Predicting Fluvial Reservoir Facies by Upscaling Seismic Inversion with 3D Geocellular Modeling

Pinedale Field case study



Abstract

Over the past twenty-five years, more than 3,500 wells have been drilled in the giant Pinedale Field in the northern Green River Basin of Wyoming, at spacing intervals as tight as 5-acres and completed in the 6,000 ft. reservoir column of stacked, tight-gas, fluvial sandstones. Even with this high density of well control, geologic uncertainties remain regarding the geometry and architecture of the highly heterogeneous fluviatile basin-fill. The goal of this project was to predict the distribution and size of the reservoir facies using geocellular-modeling techniques.

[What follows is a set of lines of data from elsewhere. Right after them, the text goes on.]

Lemma event_prob_le_set_probs p s x E : is_prob_vec p -> 0 <= x <= 1 ->
  (forall j, j \in s -> forall A, j \notin A ->
     (p j - x) * ((E (j |: A))%:R - (E A)%:R) <= 0) ->
  event_prob p E <= event_prob (set_probs p s x) E.
Proof.
move=> p01 x01; elim: s => [|j s IHs] Emono.
  by rewrite (@eq_event_prob _ (set_probs p [::] x)).
apply: le_trans (IHs _) _ => [i i_s|]; first by apply: Emono; rewrite inE i_s orbT.
apply: (event_prob_le_update (i := j)); first exact: set_probs_prob_vec.
  by move=> i /= ij; rewrite /set_probs inE (negbTE ij).
move=> A jA; rewrite /set_probs inE eqxx /=; case: ifP => _; first by rewrite subrr mul0r.
by apply: Emono; rewrite ?inE ?eqxx.
Qed.

End BallotProb.

Section Exchangeability.
Variables (R : realType) (m : nat).
Implicit Types (p : 'I_m -> R) (A : {set 'I_m}) (E : pred {set 'I_m}).

Lemma ballot_prob_preimset p (s : 'I_m -> 'I_m) A : injective s ->
  (forall i, p (s i) = p i) -> ballot_prob p (s @^-1: A) = ballot_prob p A.
Proof.
move=> s_inj ps; rewrite /ballot_prob; congr (_ * _);
  by rewrite [RHS](reindex_inj s_inj); apply: eq_big => i; rewrite ?inE ?ps.
Qed.

Lemma event_prob_preimset p (s : 'I_m -> 'I_m) E : involutive s ->
  (forall i, p (s i) = p i) -> event_prob p (fun A => E (s @^-1: A)) = event_prob p E.
Proof.
move=> sK ps; pose pre A := s @^-1: A.
have preK : involutive pre.
  by move=> A; apply/setP => i; rewrite !inE sK.
rewrite /event_prob [RHS](reindex_inj (inv_inj preK)) /=; apply: eq_bigr => A _.
by rewrite (ballot_prob_preimset _ (inv_inj sK) ps).
Qed.

End Exchangeability.

Section Blocks.
Variables (R : realType) (m b r : nat) (e : 'I_b.+1 * 'I_r -> 'I_m).
Hypothesis e_inj : injective e.
Implicit Types (a c d : 'I_b.+1) (A : {set 'I_m}).

Definition block_count c A := #|[set i | e (c, i) \in A]|.
Lemma didS_sum (C : numClosedFieldType) n K (M : 'I_K -> 'M[C]_n) (P : 'M[C]_n) m :
  (didS M P m == DID_S M P 1 + \sum_(1 <= i < m.+1) DID_T M P i)%MS.
Proof.
elim: m => [|m IHm]; first by rewrite big_geq //; apply/eqmxP/eqmx_sym/addsmx0.
rewrite big_nat_recr // didS_S addsmxA.
by apply/eqmxP/adds_eqmx; [exact/eqmxP | rewrite /DID_T /DID_R].
Qed.

Lemma mxtrace_mul_delta (C : numClosedFieldType) n (B : 'M[C]_n) i j :
  \tr (B *m delta_mx j i) = B i j.
Proof.
rewrite /mxtrace (bigD1 i) //= big1 ?addr0 => [|k k_neq_i].
  rewrite mxE (bigD1 j) //= big1 ?addr0 => [|l l_neq_j]; first by rewrite mxE !eqxx mulr1.
  by rewrite mxE (negbTE l_neq_j) mulr0.
by rewrite mxE big1 // => l _; rewrite mxE (negbTE k_neq_i) andbF mulr0.
Qed.

Lemma kraus_dualE (C : numClosedFieldType) n K (M : 'I_K -> 'M[C]_n) A i j :
  kraus_dual M A i j = \tr (A *m kraus M (delta_mx j i)).
Proof.
rewrite -mxtrace_mul_delta /kraus_dual /kraus mulmx_sumr mulmx_suml !raddf_sum.
by apply: eq_bigr => k _; rewrite !mulmxA [RHS]mxtrace_mulC !mulmxA.
Qed.

Section SameChannel.
Variables (C : numClosedFieldType) (n K K' : nat) (P : 'M[C]_n).
Variables (M : 'I_K -> 'M[C]_n) (M' : 'I_K' -> 'M[C]_n).
Hypothesis eqT : forall rho, kraus M' rho = kraus M rho.

Lemma ker_iter_eq m : ker_iter M' P m = ker_iter M P m.
Proof.
have eq_dual A : kraus_dual M' A = kraus_dual M A.
  by apply/matrixP => i j; rewrite !kraus_dualE eqT.
have eq_iter : iter m (kraus_dual M') P = iter m (kraus_dual M) P.
  by elim: m => //= m ->; exact: eq_dual.
by rewrite /ker_iter eq_iter.
Qed.

Lemma GAS_eq : GAS M P -> GAS M' P.
Proof.
have eq_iter m rho : iter m (kraus M') rho = iter m (kraus M) rho.
  by elim: m => //= m ->; exact: eqT.
case=> invP gasP; split=> [rho psd_rho supp_rho|rho dens_rho]; first by rewrite eqT; exact: invP.
move=> eps eps_gt0; have [N0 closeN0] := gasP rho dens_rho eps eps_gt0.
by exists N0 => m leN0m; rewrite eq_iter; exact: closeN0.
Qed.

Hypotheses (TP : trace_preserving M) (TP' : trace_preserving M').
Hypotheses (projP : orth_proj P) (gasP : GAS M P).

Lemma DID_final_eq N N' : DID_final M P N -> DID_final M' P N' -> N' = N.
Proof.
move=> /(DID_final_ker TP projP gasP) [N_ge1 KN0 KnN].
move=> /(DID_final_ker TP' projP (GAS_eq gasP)) [N'_ge1 KN'0 KnN'].
case: (ltngtP N' N) => // [ltN'N|ltNN'].
  by have := KnN N'; rewrite N'_ge1 ltN'N -ker_iter_eq KN'0 => /(_ isT).
by have := KnN' N; rewrite N_ge1 ltNN' ker_iter_eq KN0 => /(_ isT).
Qed.

Lemma DID_T_eq i : (1 <= i)%N -> (DID_T M' P i == DID_T M P i)%MS.
Proof.
move=> i_ge1; apply/eqmxP.
apply: eqmx_trans (eqmxP (DID_T_ker TP' projP (GAS_eq gasP) i_ge1)) _.
by rewrite !ker_iter_eq; exact/eqmx_sym/eqmxP/(DID_T_ker TP projP gasP i_ge1).
Qed.

End SameChannel.

Theorem proposition6 (C : numClosedFieldType) (n K : nat)
    (M : 'I_K -> 'M[C]_n) (P : 'M[C]_n) (N : nat) :
  trace_preserving M -> orth_proj P -> GAS M P -> DID_final M P N ->
  (forall m, (1 <= m <= N)%N ->
     (supp (iter m (kraus_dual M) P) ==
        DID_S M P 1 + \sum_(1 <= i < m.+1) DID_T M P i)%MS) /\
  (forall m, (N < m)%N -> (supp (iter m (kraus_dual M) P) == 1%:M)%MS) /\
  (forall (K' : nat) (M' : 'I_K' -> 'M[C]_n) (N' : nat),
     trace_preserving M' -> (forall rho, kraus M' rho = kraus M rho) ->
     DID_final M' P N' ->
     N' = N /\ forall i, (1 <= i <= N)%N -> (DID_T M' P i == DID_T M P i)%MS).
Proof.
move=> TP projP gasP finN; split; [|split].
- move=> m _; apply/eqmxP.
  exact: eqmx_trans (eqmxP (supp_iter_dual TP projP gasP m)) (eqmxP (didS_sum M P m)).
- by move=> m; exact: (supp_iter_dual_full TP projP gasP finN).
- move=> K' M' N' TP' eqT finN'; split.
    exact: (DID_final_eq eqT TP TP' projP gasP finN finN').
  by move=> i /andP[i_ge1 _]; exact: (DID_T_eq eqT TP TP' projP gasP i_ge1).
Qed.
Lemma minimizer_column_zero n (Om A L S : Mat) lam1 lam2 j :
  (j < n)%nat -> 0 < lam2 -> sym_prob_mat n Om -> sym_prob_mat n A ->
  (forall a b, (a < n)%nat -> (b < n)%nat -> 0 <= L a b) -> nonnegS n S ->
  4 * sampled_degree n Om A j < lam2 ^ 2 ->
  (forall S', nonnegS n S' -> Fobj n Om A lam1 lam2 S L <= Fobj n Om A lam1 lam2 S' L) ->
  forall i, (i < n)%nat -> S i j = 0.
Proof.
  intros Hj Hlam HOm HA HL HS Hdeg Hmin i Hi.
  destruct (Req_dec (S i j) 0) as [|Hne]; [assumption | exfalso].
  set (D := sampled_degree n Om A j).
  set (V := sqrt (sumR n (fun k => S k j ^ 2))).
  assert (HV2 : V * V = sumR n (fun k => S k j ^ 2))
    by (apply sqrt_sqrt, sumR_nonneg; intros; apply pow2_ge_0).
  assert (HV : 0 < V).
  { apply sqrt_lt_R0. eapply Rlt_le_trans; [|apply (sumR_term n (fun k => S k j ^ 2) i)].
    - simpl. nra.
    - intros; apply pow2_ge_0.
    - exact Hi. }
  (* With this t, Young's bound on the loss increase is V (2 D / lam2 + lam2 / 2) < lam2 V. *)
  set (t := 2 * V / lam2).
  assert (Ht : 0 < t) by (unfold t; apply Rdiv_lt_0_compat; lra).
  pose proof (frob2_zero_col_le n Om A L S j Hj HOm HA HL HS) as Hfrob.
  pose proof (young_sumR n (fun k => Om k j ^ 2 * A k j) (fun k => S k j) t Ht) as Hyoung.
  pose proof (Hmin (zero_col j S) (zero_col_nonneg n j S HS)) as Hopt.
  unfold Fobj in Hopt. rewrite (norm21_zero_col n S j Hj) in Hopt. fold V in Hopt.
  assert (Hw : forall k, (k < n)%nat -> 0 <= Om k j ^ 2 * A k j <= 1).
  { intros k Hk. destruct (HOm k j Hk Hj) as [[? ?] _], (HA k j Hk Hj) as [[? ?] _].
    split; [nra|]. assert (Om k j ^ 2 <= 1) by nra. nra. }
  specialize (Hyoung Hw). cbv beta in Hyoung; change (sumR n (fun k => Om k j ^ 2 * A k j)) with D in Hyoung. rewrite <- HV2 in Hyoung.
  assert (Heq : t * D + / t * (V * V) = V * (2 * D / lam2 + lam2 / 2)) by (unfold t; field; lra).
  assert (Hlt : 2 * D / lam2 < lam2 / 2).
  { apply (Rmult_lt_reg_r lam2); [lra|]. unfold Rdiv. rewrite Rmult_assoc, Rinv_l by lra.
    unfold D. lra. }
  assert (V * (2 * D / lam2 + lam2 / 2) < V * lam2) by (apply Rmult_lt_compat_l; lra).
  lra.
Qed.
(* Let $\mu$ be an atomic probability measure on $\mathbb{R}$ consisting of exactly $m$ distinct atoms and let $\nu$ be an atomic probability measure consisting of exactly $n$ distinct atoms. Then $\mu\rhd\nu$ is an atomic probability measure consisting of exactly $mn$ distinct atoms.
   Context: For a probability measure $\mu$ on $\mathbb{R}$, $G_\mu(z)=\int\frac{1}{z-x}d\mu(x)$ on $\mathbb{C}^+$ and $H_\mu=1/G_\mu$. The monotone convolution $\mu\rhd\nu$ is the unique probability measure with $H_{\mu\rhd\nu}=H_\mu\circ H_\nu$ on $\mathbb{C}^+$. An atomic probability measure with $m$ distinct atoms is of the form $\sum_{k=1}^m\lambda_k\delta_{a_k}$ with $\lambda_k>0$ and distinct $a_k$. *)

From HB Require Import structures.
From mathcomp Require Import all_boot all_order all_algebra.
From mathcomp Require Import all_classical all_reals all_analysis.
From mathcomp Require Import complex.
Set Implicit Arguments. Unset Strict Implicit. Unset Printing Implicit Defensive.
Import Order.TTheory GRing.Theory Num.Theory.
Import numFieldNormedType.Exports.
Local Open Scope classical_set_scope.
Local Open Scope ring_scope.
Local Open Scope complex_scope.

(* Cauchy transform G_mu(z) = \int 1/(z - x) dmu(x), a complex integral,
   i.e. (\int Re(1/(z-x)) dmu) + i (\int Im(1/(z-x)) dmu). *)
Definition cauchy_transform (R : realType) (mu : probability R R) (z : R[i])
  : R[i] :=
  ((Rintegral mu setT (fun x : R => complex.Re ((z - x%:C)^-1)))%:C
   + 'i%C * (Rintegral mu setT (fun x : R => complex.Im ((z - x%:C)^-1)))%:C).

Definition H_transform (R : realType) (mu : probability R R) (z : R[i]) : R[i] :=
  (cauchy_transform mu z)^-1.

Definition is_monotone_convolution (R : realType) (mu nu rho : probability R R)
  : Prop :=
  forall z : R[i], 0 < complex.Im z -> H_transform rho z = H_transform mu (H_transform nu z).

Definition atomic_with (R : realType) (mu : probability R R) (m : nat) : Prop :=
  exists (a : 'I_m -> R) (lam : 'I_m -> R),
    injective a /\ (forall k, 0 < lam k) /\
    (forall A : set R, measurable A ->
       mu A = (\sum_(k < m) (lam k)%:E * \d_(a k) A)%E).

From HB Require Import structures.
From mathcomp Require Import all_boot all_order all_algebra all_field.
From mathcomp Require Import all_classical all_reals all_analysis.
From mathcomp Require Import measurable_realfun complex ring.
Set Implicit Arguments. Unset Strict Implicit. Unset Printing Implicit Defensive.
Import Order.TTheory GRing.Theory Num.Theory.
Import numFieldNormedType.Exports.
Local Open Scope classical_set_scope.
Local Open Scope ring_scope.
Local Open Scope complex_scope.
Local Notation Re := complex.Re.
Local Notation Im := complex.Im.
(* For all $T\in\mathcal{T}_H$ and all $j\in\{2,\dots,N\}$ it holds $\mathcal{P}_Hb_{j,T}=b_{j,T}$.
   Context: $\mathcal{T}_H$ is a quasi-uniform non-degenerate quadrilateral mesh of a polygonal Lipschitz domain $D\subset\mathbb{R}^d$, mesh size $H$. For fixed $p\in\mathbb{N}_0$, $\mathcal{V}_H$ is the space of elementwise polynomials of coordinate degree $\le p$, $\Pi_H$ the elementwise $L^2$-projection onto $\mathcal{V}_H$, and $\{\Lambda_{j,T}\}_{j=1}^N$, $N=(p+1)^d$, the $L^2(T)$-orthonormal shifted tensor-product Legendre basis on $T$, with $\Lambda_{1,T}$ the constant function. For each $T,j$, $b_{j,T}\in H^1_0(T)$ (extended by zero) satisfies $\Pi_Hb_{j,T}=\Lambda_{j,T}$. $\mathcal{B}_Hv:=\sum_T\sum_j(\int_Tv\Lambda_{j,T}dx)b_{j,T}$. $\Pi_H^0$ is the $L^2$-projection onto piecewise constants; $\mathcal{E}_H$ maps a piecewise constant function to the continuous piecewise bilinear function whose value at an interior node is the average of the adjacent elementwise values and which vanishes at boundary nodes; $\mathcal{I}_H:=\mathcal{E}_H\circ\Pi_H^0$ and $\mathcal{P}_Hv:=\mathcal{I}_Hv+\mathcal{B}_H(v-\mathcal{I}_Hv)$. *)

From HB Require Import structures.
From mathcomp Require Import all_boot all_order all_algebra.
From mathcomp Require Import all_classical all_reals all_analysis.
Set Implicit Arguments. Unset Strict Implicit. Unset Printing Implicit Defensive.
Import Order.TTheory GRing.Theory Num.Theory.
Import numFieldNormedType.Exports.
Local Open Scope classical_set_scope.
Local Open Scope ring_scope.

Section Defs.
Variables (R : realType) (d p : nat).

Definition point := 'rV[R]_d.

(** Legendre polynomials on [-1,1] via the three-term recurrence:
    leg_pair n t = (P_n t, P_(n+1) t). *)
Fixpoint leg_pair (n : nat) (t : R) : R * R :=
  match n with
  | 0 => (1, t)
  | m.+1 => let (a, b) := leg_pair m t in
            (b, ((2 * m + 3)%:R * t * b - m.+1%:R * a) / (m.+2)%:R)
  end.
Definition legendre (n : nat) (t : R) : R := (leg_pair n t).1.

(** Shifted Legendre polynomial on [a,b], normalised in L^2(a,b). *)
Definition sleg (n : nat) (a b t : R) : R :=
  Num.sqrt ((2 * n + 1)%:R / (b - a)) * legendre n ((2 * t - a - b) / (b - a)).

(** Multi-indices (tensor-product degrees, coordinate degree <= p). *)
Definition multi := {ffun 'I_d -> 'I_p.+1}.
(** The multi-index of the constant basis function (j = 1 in the paper). *)
Definition alpha0 : multi := [ffun => ord0].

A process-based depositional framework formed the starting point for our characterization study. Examples from modern analogs and the rock record were used to condition the model inputs as related to channel size, scaling relationships (including net/gross), and overall reservoir architecture; the fluvial depositional sequences comprise a distributary fluvial system. At a range of scales, a seismic inversion facies volume, supplemented with a dense population of well logs, and core data helped constrain the size, geometry and distribution of reservoir facies at multiple, geologically distinct intervals. The resulting geocellular model honors all input data. Vertical upscaling is primarily constrained by well logs and core. Lateral facies distributions are primarily constrained by the seismic inversion column paired with well data.

By combining sedimentologic interpretations from seismic and well logs, this integrated study was able to differentiate fluvial reservoir sandstones from overbank siltstones and mudstones. This technology-driven reservoir characterization study was undertaken to improve our understanding of resource-in-place and to optimize wellbore placement and construction, for ongoing field development.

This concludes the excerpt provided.